Exercise:
Report every line of the records below that includes the string "assert".

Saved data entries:

....

Theorem mainTheorem10
  (q0 q1 : R) (c : nat -> R)
  (Hc : forall x, 0 < x -> ex_pseries c x)
  (Hq0 : -1/4 <= q0)
  (Hq01 : q0 <> 0 \/ q1 <> 0)
  (Hqinf : is_lim (qpot q0 q1 c) p_infty 0)
  (Hqint : exists x1, 0 < x1 /\
     (L1_tail (qpot q0 q1 c) x1 \/ L1_tail (Derive (qpot q0 q1 c)) x1))
  (lam : R) (Hlam : 0 < lam)
  (phi : R -> R) (a : nat -> R)
  (Ha_cv : forall x, 0 < x -> ex_pseries a x)
  (Ha0 : a 0%nat = 1)
  (Hphi : forall x, 0 < x ->
     phi x = Rpower x (1/2 + sqrt (q0 + 1/4)) * PSeries a x)
  (Hphi_sol : is_sol (qpot q0 q1 c) lam phi)
  (y2 : R -> R) (kappa : R) (b : nat -> R)
  (Hb_cv : forall x, 0 < x -> ex_pseries b x)
  (Hb_lead : (0 < sqrt (q0 + 1/4) /\ b 0%nat = 1) \/
             (sqrt (q0 + 1/4) = 0 /\ kappa = 1 /\ b 0%nat = 0))
  (Hy2 : forall x, 0 < x ->
     y2 x = kappa * phi x * ln x + Rpower x (1/2 - sqrt (q0 + 1/4)) * PSeries b x)
  (Hy2_sol : is_sol (qpot q0 q1 c) lam y2)
  (C0 : R) (HC0 : C0 <> 0)
  (HW : forall x, 0 < x -> wronskian phi y2 x = C0)
  (theta : R -> R) (Htheta : forall x, 0 < x -> theta x = y2 x / C0)
  (* U_1 = (P, Q, S); S is the paper's R *)
  (P Q S : R -> R)
  (HP : forall x, 0 < x -> is_derive P x ((lam - qpot q0 q1 c x) * Q x))
  (HQ : forall x, 0 < x ->
     is_derive Q x (-2 * P x + 2 * (lam - qpot q0 q1 c x) * S x))
  (HS : forall x, 0 < x -> is_derive S x (- Q x))
  (HPlim : is_lim P p_infty (sqrt lam))
  (HQlim : is_lim Q p_infty 0)
  (HSlim : is_lim S p_infty (1 / sqrt lam))
  (astar bstar cstar : R)
  (HUP : forall x, 0 < x ->
     P x = astar * (Derive theta x) ^ 2
           + bstar * (Derive theta x * Derive phi x)
           + cstar * (Derive phi x) ^ 2)
  (HUQ : forall x, 0 < x ->
     Q x = astar * (-2 * theta x * Derive theta x)
           + bstar * (- (theta x * Derive phi x + Derive theta x * phi x))
           + cstar * (-2 * phi x * Derive phi x))
  (HUS : forall x, 0 < x ->
     S x = astar * (theta x) ^ 2 + bstar * (theta x * phi x)
           + cstar * (phi x) ^ 2) :
  let xi : C := (- (bstar / (2 * astar)), 1 / astar) in
  let psi : R -> C := fun x => Cminus (RtoC (theta x)) (Cmult xi (RtoC (phi x))) in
  forall x0 : R, 0 < x0 ->
    filterlim
      (fun N : R =>
         Cdiv (@RInt C_R_CompleteNormedModule (fun x => Cmult (psi x) (psi x)) x0 N)
              (RtoC (RInt (fun x => (Cmod (psi x)) ^ 2) x0 N)))
      (Rbar_locally p_infty) (locally (RtoC 0)).
Proof.
  intros xi psi x0 Hx0.
  assert (Hphi' := is_sol_solves _ _ _ Hphi_sol).
  assert (Htheta1 : solves (qpot q0 q1 c) lam theta (fun x => / C0 * Derive y2 x)).
  { apply (solves_ext _ _ (fun x => / C0 * y2 x)); [|apply solves_scal, is_sol_solves, Hy2_sol].
    intros x Hx. rewrite (Htheta x Hx). unfold Rdiv. apply Rmult_comm. }
  assert (Htheta' := solves_Derive_self _ _ _ _ Htheta1).
  assert (Hwr : forall x, 0 < x -> wronskian phi theta x = 1).
  { intros x Hx. unfold wronskian. rewrite (solves_Derive _ _ _ _ Htheta1 x Hx), (Htheta x Hx).
    replace (phi x * (/ C0 * Derive y2 x) - Derive phi x * (y2 x / C0))
      with (wronskian phi y2 x / C0) by (unfold wronskian; field; exact HC0).
    rewrite (HW x Hx). field; exact HC0. }
  destruct (RInt_Appell_ratio_lim_of_forms _ lam astar bstar cstar P Q S theta phi x0 Hlam Hx0
              (qpot_continuous q0 q1 c Hc) Hqinf HPlim HQlim HSlim Htheta' Hphi' Hwr HUP HUQ HUS)
    as [Hre Him].
  apply (filterlim_Cdiv_RInt_square psi (fun x => theta x + bstar / (2 * astar) * phi x)
           (fun x => -1 / astar * phi x) x0 Hx0); [| |exact Hre|exact Him].
  - intros x. unfold psi, xi, Cminus, Cmult, Cplus, Copp, RtoC; simpl.
    f_equal; unfold Rminus, Rdiv; ring.
  - intros x Hx. destruct (solves_continuous _ _ _ _ Htheta' x Hx) as [Cth _].
    destruct (solves_continuous _ _ _ _ Hphi' x Hx) as [Cph _].
    split; repeat (continuity_step || assumption).
Qed.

....

Answer for the task:
  assert (Hphi' := is_sol_solves _ _ _ Hphi_sol).
  assert (Htheta1 : solves (qpot q0 q1 c) lam theta (fun x => / C0 * Derive y2 x)).
  assert (Htheta' := solves_Derive_self _ _ _ _ Htheta1).
  assert (Hwr : forall x, 0 < x -> wronskian phi theta x = 1).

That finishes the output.